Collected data
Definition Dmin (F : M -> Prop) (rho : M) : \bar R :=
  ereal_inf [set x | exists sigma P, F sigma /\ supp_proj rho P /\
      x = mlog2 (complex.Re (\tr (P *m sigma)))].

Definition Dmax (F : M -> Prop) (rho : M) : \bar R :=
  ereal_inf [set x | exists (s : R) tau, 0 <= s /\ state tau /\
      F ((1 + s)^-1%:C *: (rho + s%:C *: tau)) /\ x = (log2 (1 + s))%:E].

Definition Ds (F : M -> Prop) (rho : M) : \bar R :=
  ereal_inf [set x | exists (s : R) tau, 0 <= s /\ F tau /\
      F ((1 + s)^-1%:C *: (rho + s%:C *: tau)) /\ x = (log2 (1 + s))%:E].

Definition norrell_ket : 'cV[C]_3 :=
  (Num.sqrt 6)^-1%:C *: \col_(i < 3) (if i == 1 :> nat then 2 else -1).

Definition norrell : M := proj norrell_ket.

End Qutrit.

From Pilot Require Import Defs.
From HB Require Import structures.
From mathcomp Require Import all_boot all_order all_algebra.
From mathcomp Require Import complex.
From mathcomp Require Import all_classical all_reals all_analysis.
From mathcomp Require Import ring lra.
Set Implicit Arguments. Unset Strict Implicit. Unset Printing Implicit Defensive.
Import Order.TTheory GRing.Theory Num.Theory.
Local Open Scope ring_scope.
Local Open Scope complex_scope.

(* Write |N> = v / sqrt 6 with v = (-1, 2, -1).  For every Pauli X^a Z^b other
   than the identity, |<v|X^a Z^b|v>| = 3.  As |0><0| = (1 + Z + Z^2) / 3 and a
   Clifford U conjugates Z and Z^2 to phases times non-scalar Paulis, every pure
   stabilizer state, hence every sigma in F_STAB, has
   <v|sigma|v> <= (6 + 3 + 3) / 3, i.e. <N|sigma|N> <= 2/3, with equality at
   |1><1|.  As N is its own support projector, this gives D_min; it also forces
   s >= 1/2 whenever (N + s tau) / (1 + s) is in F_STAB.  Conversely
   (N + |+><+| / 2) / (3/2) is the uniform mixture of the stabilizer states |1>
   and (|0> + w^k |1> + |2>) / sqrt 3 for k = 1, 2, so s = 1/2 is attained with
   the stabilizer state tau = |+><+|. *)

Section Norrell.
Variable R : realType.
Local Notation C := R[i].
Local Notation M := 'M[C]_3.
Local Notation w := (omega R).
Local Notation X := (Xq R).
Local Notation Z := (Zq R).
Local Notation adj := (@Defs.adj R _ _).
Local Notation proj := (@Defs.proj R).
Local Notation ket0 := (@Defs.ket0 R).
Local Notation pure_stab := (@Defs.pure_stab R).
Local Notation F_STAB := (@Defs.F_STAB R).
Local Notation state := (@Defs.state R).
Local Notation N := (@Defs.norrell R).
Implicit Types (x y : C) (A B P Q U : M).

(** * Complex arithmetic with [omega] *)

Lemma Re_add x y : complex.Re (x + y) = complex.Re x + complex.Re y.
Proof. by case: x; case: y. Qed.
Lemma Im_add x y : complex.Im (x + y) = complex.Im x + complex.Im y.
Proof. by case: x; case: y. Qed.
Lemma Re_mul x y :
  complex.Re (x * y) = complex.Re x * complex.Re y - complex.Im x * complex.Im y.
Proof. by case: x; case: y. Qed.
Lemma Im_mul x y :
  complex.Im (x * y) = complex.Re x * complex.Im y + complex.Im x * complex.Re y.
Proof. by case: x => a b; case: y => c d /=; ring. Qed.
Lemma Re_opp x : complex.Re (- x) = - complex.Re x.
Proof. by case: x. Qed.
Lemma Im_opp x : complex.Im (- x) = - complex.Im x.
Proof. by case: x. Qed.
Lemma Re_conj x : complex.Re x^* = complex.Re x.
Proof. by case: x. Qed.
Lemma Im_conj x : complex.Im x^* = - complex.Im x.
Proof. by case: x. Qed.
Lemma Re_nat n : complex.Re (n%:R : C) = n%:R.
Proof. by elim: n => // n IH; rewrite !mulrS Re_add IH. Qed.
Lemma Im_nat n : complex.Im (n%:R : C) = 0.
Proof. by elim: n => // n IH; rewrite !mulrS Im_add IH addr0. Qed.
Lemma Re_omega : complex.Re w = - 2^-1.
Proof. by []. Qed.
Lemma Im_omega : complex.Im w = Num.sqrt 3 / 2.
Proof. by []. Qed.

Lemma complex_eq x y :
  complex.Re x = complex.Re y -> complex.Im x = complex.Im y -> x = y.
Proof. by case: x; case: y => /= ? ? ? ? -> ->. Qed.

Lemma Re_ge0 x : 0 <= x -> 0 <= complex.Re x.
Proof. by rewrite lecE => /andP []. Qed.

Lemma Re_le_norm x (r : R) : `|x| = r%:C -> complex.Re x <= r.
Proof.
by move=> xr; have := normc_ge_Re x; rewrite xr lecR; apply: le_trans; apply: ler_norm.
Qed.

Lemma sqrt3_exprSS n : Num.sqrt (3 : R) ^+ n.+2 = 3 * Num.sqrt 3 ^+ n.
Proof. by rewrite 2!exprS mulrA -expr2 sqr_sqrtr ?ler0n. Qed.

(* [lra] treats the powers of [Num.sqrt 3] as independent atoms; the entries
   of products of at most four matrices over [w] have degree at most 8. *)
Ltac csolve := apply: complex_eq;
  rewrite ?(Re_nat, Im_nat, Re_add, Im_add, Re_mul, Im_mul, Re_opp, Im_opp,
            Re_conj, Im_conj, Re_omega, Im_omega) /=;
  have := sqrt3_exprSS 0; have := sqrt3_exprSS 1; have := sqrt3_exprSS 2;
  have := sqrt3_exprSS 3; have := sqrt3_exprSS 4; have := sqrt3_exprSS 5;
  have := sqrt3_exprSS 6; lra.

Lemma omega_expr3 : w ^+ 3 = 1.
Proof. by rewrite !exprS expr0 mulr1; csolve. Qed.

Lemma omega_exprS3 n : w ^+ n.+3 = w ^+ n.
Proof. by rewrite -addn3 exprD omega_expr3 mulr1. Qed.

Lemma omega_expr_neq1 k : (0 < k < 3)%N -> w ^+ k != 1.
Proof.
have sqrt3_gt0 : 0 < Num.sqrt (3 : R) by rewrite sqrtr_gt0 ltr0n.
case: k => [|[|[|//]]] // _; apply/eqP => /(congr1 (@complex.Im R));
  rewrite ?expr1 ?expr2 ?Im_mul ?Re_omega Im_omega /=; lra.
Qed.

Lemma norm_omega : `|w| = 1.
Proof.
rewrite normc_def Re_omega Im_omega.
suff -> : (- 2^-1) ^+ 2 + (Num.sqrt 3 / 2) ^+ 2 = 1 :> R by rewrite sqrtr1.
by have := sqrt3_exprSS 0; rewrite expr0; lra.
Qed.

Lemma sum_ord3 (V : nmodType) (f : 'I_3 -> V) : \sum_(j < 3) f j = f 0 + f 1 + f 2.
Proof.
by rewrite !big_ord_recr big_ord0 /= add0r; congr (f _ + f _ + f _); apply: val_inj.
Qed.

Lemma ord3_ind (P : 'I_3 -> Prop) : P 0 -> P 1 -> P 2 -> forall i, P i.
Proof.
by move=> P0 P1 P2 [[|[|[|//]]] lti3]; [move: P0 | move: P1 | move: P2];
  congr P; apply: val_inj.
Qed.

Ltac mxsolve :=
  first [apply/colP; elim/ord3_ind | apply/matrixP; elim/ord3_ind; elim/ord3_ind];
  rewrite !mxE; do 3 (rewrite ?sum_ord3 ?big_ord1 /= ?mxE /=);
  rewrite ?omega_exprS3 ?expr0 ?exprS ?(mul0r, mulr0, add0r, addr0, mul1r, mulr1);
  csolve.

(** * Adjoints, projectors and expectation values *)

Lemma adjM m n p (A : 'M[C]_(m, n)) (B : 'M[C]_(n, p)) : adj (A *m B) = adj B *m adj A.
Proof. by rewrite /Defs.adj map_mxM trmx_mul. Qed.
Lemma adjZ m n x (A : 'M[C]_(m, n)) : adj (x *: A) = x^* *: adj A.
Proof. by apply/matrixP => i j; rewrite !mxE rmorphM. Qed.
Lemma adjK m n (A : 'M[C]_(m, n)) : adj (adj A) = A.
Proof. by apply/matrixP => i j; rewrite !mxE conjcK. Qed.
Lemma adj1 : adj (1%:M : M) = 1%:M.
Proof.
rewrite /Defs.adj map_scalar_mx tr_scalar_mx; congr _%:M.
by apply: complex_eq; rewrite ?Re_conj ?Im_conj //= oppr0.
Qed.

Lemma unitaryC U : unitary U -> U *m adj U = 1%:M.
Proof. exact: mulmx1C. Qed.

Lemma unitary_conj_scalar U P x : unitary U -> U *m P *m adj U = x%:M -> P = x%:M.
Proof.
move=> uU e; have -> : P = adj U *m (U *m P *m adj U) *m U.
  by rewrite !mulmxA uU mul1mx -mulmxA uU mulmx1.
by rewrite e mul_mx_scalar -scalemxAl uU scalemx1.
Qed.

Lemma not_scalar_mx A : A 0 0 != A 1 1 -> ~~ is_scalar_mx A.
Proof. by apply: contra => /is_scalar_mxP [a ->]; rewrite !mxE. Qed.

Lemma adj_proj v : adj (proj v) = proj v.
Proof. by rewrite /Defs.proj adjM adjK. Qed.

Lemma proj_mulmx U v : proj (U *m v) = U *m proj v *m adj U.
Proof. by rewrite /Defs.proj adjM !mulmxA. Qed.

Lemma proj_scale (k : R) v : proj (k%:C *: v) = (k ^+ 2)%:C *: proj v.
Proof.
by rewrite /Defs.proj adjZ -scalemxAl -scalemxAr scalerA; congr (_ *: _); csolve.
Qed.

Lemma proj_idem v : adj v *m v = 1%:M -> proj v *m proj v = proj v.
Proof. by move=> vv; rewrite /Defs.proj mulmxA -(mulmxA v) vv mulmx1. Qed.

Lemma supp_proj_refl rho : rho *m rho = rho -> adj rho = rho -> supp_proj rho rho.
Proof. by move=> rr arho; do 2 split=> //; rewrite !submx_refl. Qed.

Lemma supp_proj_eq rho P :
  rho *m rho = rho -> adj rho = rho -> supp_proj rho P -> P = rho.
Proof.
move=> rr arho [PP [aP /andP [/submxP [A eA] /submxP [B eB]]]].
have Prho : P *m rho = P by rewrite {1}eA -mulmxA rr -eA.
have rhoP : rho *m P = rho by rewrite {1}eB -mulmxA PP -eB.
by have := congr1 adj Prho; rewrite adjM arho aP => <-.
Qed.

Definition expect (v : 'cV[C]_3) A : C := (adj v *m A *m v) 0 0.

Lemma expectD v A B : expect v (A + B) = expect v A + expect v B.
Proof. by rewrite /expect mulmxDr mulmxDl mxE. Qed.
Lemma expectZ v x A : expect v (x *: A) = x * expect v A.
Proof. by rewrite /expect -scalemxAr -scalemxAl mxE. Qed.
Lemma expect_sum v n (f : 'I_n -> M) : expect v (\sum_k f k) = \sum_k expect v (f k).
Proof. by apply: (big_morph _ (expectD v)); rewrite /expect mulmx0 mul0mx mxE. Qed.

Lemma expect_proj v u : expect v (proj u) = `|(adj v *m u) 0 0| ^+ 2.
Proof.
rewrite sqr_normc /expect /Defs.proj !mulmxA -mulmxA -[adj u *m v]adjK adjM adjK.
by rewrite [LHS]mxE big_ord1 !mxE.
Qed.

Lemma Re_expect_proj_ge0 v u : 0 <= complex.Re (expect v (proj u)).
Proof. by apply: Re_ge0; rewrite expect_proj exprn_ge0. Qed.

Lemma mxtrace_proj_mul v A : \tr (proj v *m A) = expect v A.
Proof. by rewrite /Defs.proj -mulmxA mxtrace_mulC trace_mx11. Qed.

* **Work to be completed**:
Given the data above, transcribe exactly the lines from the one containing "Definition Dmax (F" down to the one containing "Definition Ds (F", and no others.

* **Written solution**:
Definition Dmax (F : M -> Prop) (rho : M) : \bar R :=
  ereal_inf [set x | exists (s : R) tau, 0 <= s /\ state tau /\
      F ((1 + s)^-1%:C *: (rho + s%:C *: tau)) /\ x = (log2 (1 + s))%:E].

Definition Ds (F : M -> Prop) (rho : M) : \bar R :=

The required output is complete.